▶ Input

(* Let $Q$ be a non-degenerate non-definite hermitian form on $\mathbb{C}^N$, and let $(w_1,\dots,w_N)$ be a basis of $\mathbb{C}^N$ with $Q(w_i)=0$ for $1\le i\le N$ and $Q(w_i,w_j)\ne0$ for $1\le i\ne j\le N$. Let $G_i$ be the stabilizer of $w_i$ in $SU(Q)$. Then the smallest closed subgroup of $SU(Q)$ containing $G_1,\dots,G_N$ is $SU(Q)$.
   Context: $Q(u)$ denotes $Q(u,u)$; $SU(Q)$ is the group of determinant-one linear automorphisms of $\mathbb{C}^N$ preserving $Q$; ''closed'' refers to the usual topology. *)

From mathcomp Require Import all_boot all_algebra.
From mathcomp Require Import complex.
From mathcomp Require Import all_classical all_reals topology normedtype.
Import GRing.Theory Num.Theory numFieldNormedType.Exports.

Set Implicit Arguments.
Unset Strict Implicit.
Unset Printing Implicit Defensive.

Local Open Scope classical_set_scope.
Local Open Scope ring_scope.

Section Defs.
Variable R : realType.
Local Notation C := R[i].

Definition adjmx (m n : nat) (A : 'M[C]_(m, n)) : 'M[C]_(n, m) :=
  (map_mx (fun z : C => z^*) A)^T.

Definition hermitian_mx (N : nat) (H : 'M[C]_N) : Prop := adjmx H = H.

(* Q(u, v) = u^* H v : conjugate-linear in u, linear in v *)
Definition Qform (N : nat) (H : 'M[C]_N) (u v : 'cV[C]_N) : C :=
  (adjmx u *m H *m v) 0 0.

Definition hf_nondegenerate (N : nat) (H : 'M[C]_N) : Prop := H \in unitmx.

(* non-definite: Q(u) takes both (strictly) positive and negative values
   (the order on C = R[i] is: 0 < z iff z is real and positive) *)
Definition hf_nondefinite (N : nat) (H : 'M[C]_N) : Prop :=
  (exists u, 0 < Qform H u u) /\ (exists v, Qform H v v < 0).

Definition SUQ (N : nat) (H : 'M[C]_N) : set 'M[C]_N :=
  [set g | \det g = 1 /\ forall u v, Qform H (g *m u) (g *m v) = Qform H u v].

Definition stabQ (N : nat) (H : 'M[C]_N) (w : 'cV[C]_N) : set 'M[C]_N :=
  [set g | SUQ H g /\ g *m w = w].

Definition is_basis_fam (N : nat) (w : 'I_N -> 'cV[C]_N) : Prop :=
  (\matrix_(i, j) w j i 0) \in unitmx.

(* usual topology on M_N(C) ~ (R^2)^(N x N) *)
Definition mx_of_pairs (N : nat) (B : 'M[R * R]_N) : 'M[C]_N :=
  \matrix_(i, j) (Complex (B i j).1 (B i j).2 : C).

Definition mx_closed (N : nat) (S : set 'M[C]_N) : Prop :=
  closed [set B : 'M[R * R]_N | S (mx_of_pairs B)].

Definition is_subgroup (N : nat) (S : set 'M[C]_N) : Prop :=
  [/\ S 1%:M,
      (forall g h, S g -> S h -> S (g *m h)) &
      (forall g, S g -> S (invmx g))].

Definition closed_subgroup_gen (N : nat) (H : 'M[C]_N) (I : Type)
    (A : I -> set 'M[C]_N) : set 'M[C]_N :=
  \bigcap_(S in [set S : set 'M[C]_N | [/\ S `<=` SUQ H, is_subgroup S,
                                          mx_closed S & forall i, A i `<=` S]]) S.

End Defs.

From mathcomp Require Import all_boot all_algebra.
From mathcomp Require Import complex.
From mathcomp Require Import all_classical all_reals topology normedtype.
From mathcomp Require Import ring.
Import order.Order.TTheory GRing.Theory Num.Theory numFieldNormedType.Exports.

Set Implicit Arguments.
Unset Strict Implicit.
Unset Printing Implicit Defensive.

Local Open Scope classical_set_scope.
Local Open Scope ring_scope.

(* Already the stabilizers G1, G2 of two of the w_i generate SU(Q) as an
   abstract group; closedness only serves to make SU(Q) itself a candidate.
   For an isotropic w, the Eichler transformations
   x |-> x + Q(w,x) y - Q(y,x) w + a Q(w,x) w  (with Q(w,y) = 0 and
   a + a^* + Q(y,y) = 0) lie in the stabilizer of w, so it acts transitively on
   the isotropic x with a prescribed value Q(w,x) <> 0.  Alternating such moves
   from G1 and G2 replaces g in SU(Q) by t g, t in <G1, G2>, with t g w1 = l w1
   and t g w2 = (l^* )^-1 w2.  Three more moves bring l w1 back to w1; unless l
   is real they need a z orthogonal to w1, w2 with Q(z,z) <> 0, and such a z
   exists: otherwise span(w1, w2) is all of C^N and det (t g) = l / l^* = 1. *)

(** * Continuity through real and imaginary parts *)

Lemma continuous_mx_entry (T : topologicalType) m n (i : 'I_m) (j : 'I_n) :
  continuous (fun M : 'M[T]_(m, n) => M i j).
Proof.
move=> M A /= hA.
exists (fun i' j' => if (i' == i) && (j' == j) then A else setT).
  by move=> i' j'; case: (i' =P i) => [->|_]; case: (j' =P j) => [->|_] //=;
    apply: filterT.
by move=> M' /(_ i j); rewrite !eqxx.
Qed.

Section ReImContinuity.
Variables (R : realType) (T : topologicalType).
Local Notation C := R[i].
Implicit Types (f g : T -> C) (c : C).

Definition continuous_ReIm f :=
  continuous (fun t => complex.Re (f t)) /\ continuous (fun t => complex.Im (f t)).

Lemma continuous_ReIm_cst c : continuous_ReIm (fun=> c).
Proof. by split; apply: cst_continuous. Qed.

Lemma continuous_ReImD f g :
  continuous_ReIm f -> continuous_ReIm g -> continuous_ReIm (f \+ g).
Proof.
move=> [f1 f2] [g1 g2]; split => t /=.
- have -> : (fun t => complex.Re (f t + g t)) =
            (fun t => complex.Re (f t) + complex.Re (g t)).
    by apply: funext => t'; case: (f t') (g t') => [? ?] [? ?].
  exact: continuousD (f1 t) (g1 t).
- have -> : (fun t => complex.Im (f t + g t)) =
            (fun t => complex.Im (f t) + complex.Im (g t)).
    by apply: funext => t'; case: (f t') (g t') => [? ?] [? ?].
  exact: continuousD (f2 t) (g2 t).
Qed.

Lemma continuous_ReImM f g :
  continuous_ReIm f -> continuous_ReIm g -> continuous_ReIm (f \* g).
Proof.
move=> [f1 f2] [g1 g2]; split => t /=.
- have -> : (fun t => complex.Re (f t * g t)) = (fun t =>
      complex.Re (f t) * complex.Re (g t) - complex.Im (f t) * complex.Im (g t)).
    by apply: funext => t'; case: (f t') (g t') => [? ?] [? ?].
  exact: continuousB (continuousM (f1 t) (g1 t)) (continuousM (f2 t) (g2 t)).
- have -> : (fun t => complex.Im (f t * g t)) = (fun t =>
      complex.Re (f t) * complex.Im (g t) + complex.Im (f t) * complex.Re (g t)).
    by apply: funext => t'; case: (f t') (g t') => [? ?] [? ?].
  exact: continuousD (continuousM (f1 t) (g2 t)) (continuousM (f2 t) (g1 t)).
Qed.

Lemma continuous_ReIm_conj f :
  continuous_ReIm f -> continuous_ReIm (fun t => (f t)^*).
Proof.
move=> [f1 f2]; split => t.
- have -> : (fun t => complex.Re (f t)^*) = (fun t => complex.Re (f t)).
    by apply: funext => t'; case: (f t').
  exact: f1.
- have -> : (fun t => complex.Im (f t)^*) = (fun t => - complex.Im (f t)).
    by apply: funext => t'; case: (f t').
  exact: continuousN (f2 t).
Qed.

Lemma continuous_ReIm_sum (I : Type) (r : seq I) (P : pred I) (F : I -> T -> C) :
  (forall i, continuous_ReIm (F i)) ->
  continuous_ReIm (fun t => \sum_(i <- r | P i) F i t).
Proof.
move=> hF; rewrite -fct_sumE.
apply: (big_ind continuous_ReIm); [exact: continuous_ReIm_cst | | by []].
exact: continuous_ReImD.
Qed.

Lemma continuous_ReIm_prod (I : Type) (r : seq I) (P : pred I) (F : I -> T -> C) :
  (forall i, continuous_ReIm (F i)) ->
  continuous_ReIm (fun t => \prod_(i <- r | P i) F i t).
Proof.
move=> hF; rewrite -fct_prodE.
apply: (big_ind continuous_ReIm); [exact: continuous_ReIm_cst | | by []].
exact: continuous_ReImM.
Qed.

Lemma closed_ReIm_eq f c : continuous_ReIm f -> closed [set t | f t = c].
Proof.
move=> [f1 f2].
have -> : [set t | f t = c] =
    (fun t => complex.Re (f t)) @^-1` [set complex.Re c] `&`
    (fun t => complex.Im (f t)) @^-1` [set complex.Im c].
  apply/seteqP; split => t /=; first by move=> ->.
  by case: (f t) c => [a b] [a' b'] /= [-> ->].
by apply: closedI; apply: preimage_closed.
Qed.

Definition continuous_ReIm_mx m n (A : T -> 'M[C]_(m, n)) :=
  forall i j, continuous_ReIm (fun t => A t i j).

Lemma continuous_ReIm_mx_cst m n (A : 'M[C]_(m, n)) :
  continuous_ReIm_mx (fun=> A).
Proof. by move=> i j; exact: continuous_ReIm_cst. Qed.

Lemma continuous_ReIm_mulmx m n p (A : T -> 'M[C]_(m, n)) (B : T -> 'M[C]_(n, p)) :
  continuous_ReIm_mx A -> continuous_ReIm_mx B ->
  continuous_ReIm_mx (fun t => A t *m B t).
Proof.
move=> hA hB i j.
have -> : (fun t => (A t *m B t) i j) = (fun t => \sum_k A t i k * B t k j).
  by apply: funext => t; rewrite mxE.
by apply: continuous_ReIm_sum => k; exact: continuous_ReImM.
Qed.

Lemma continuous_ReIm_adjmx m n (A : T -> 'M[C]_(m, n)) :
  continuous_ReIm_mx A -> continuous_ReIm_mx (fun t => adjmx (A t)).
Proof.
move=> hA i j.
have -> : (fun t => adjmx (A t) i j) = (fun t => (A t j i)^*).
  by apply: funext => t; rewrite !mxE.
exact: continuous_ReIm_conj.
Qed.

Lemma continuous_ReIm_det n (A : T -> 'M[C]_n) :
  continuous_ReIm_mx A -> continuous_ReIm (fun t => \det (A t)).
Proof.
move=> hA; apply: continuous_ReIm_sum => s.
apply: continuous_ReImM; first exact: continuous_ReIm_cst.
by apply: continuous_ReIm_prod => i; exact: hA.
Qed.

End ReImContinuity.

Lemma continuous_ReIm_mx_of_pairs (R : realType) (N : nat) :
  continuous_ReIm_mx (@mx_of_pairs R N).
Proof.
move=> i j; split.
- have -> : (fun B : 'M[R * R]_N => complex.Re (mx_of_pairs B i j)) =
            fst \o (fun B => B i j).
    by apply: funext => B; rewrite mxE.
  by move=> B; apply: continuous_comp; [exact: continuous_mx_entry | exact: cvg_fst].
- have -> : (fun B : 'M[R * R]_N => complex.Im (mx_of_pairs B i j)) =
            snd \o (fun B => B i j).
    by apply: funext => B; rewrite mxE.
  by move=> B; apply: continuous_comp; [exact: continuous_mx_entry | exact: cvg_snd].
Qed.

▶ How to complete this task
Only the lines holding the word "isotropic" belong in the answer; copy them from the listing above.

▶ Answer section
   For an isotropic w, the Eichler transformations
   the isotropic x with a prescribed value Q(w,x) <> 0.  Alternating such moves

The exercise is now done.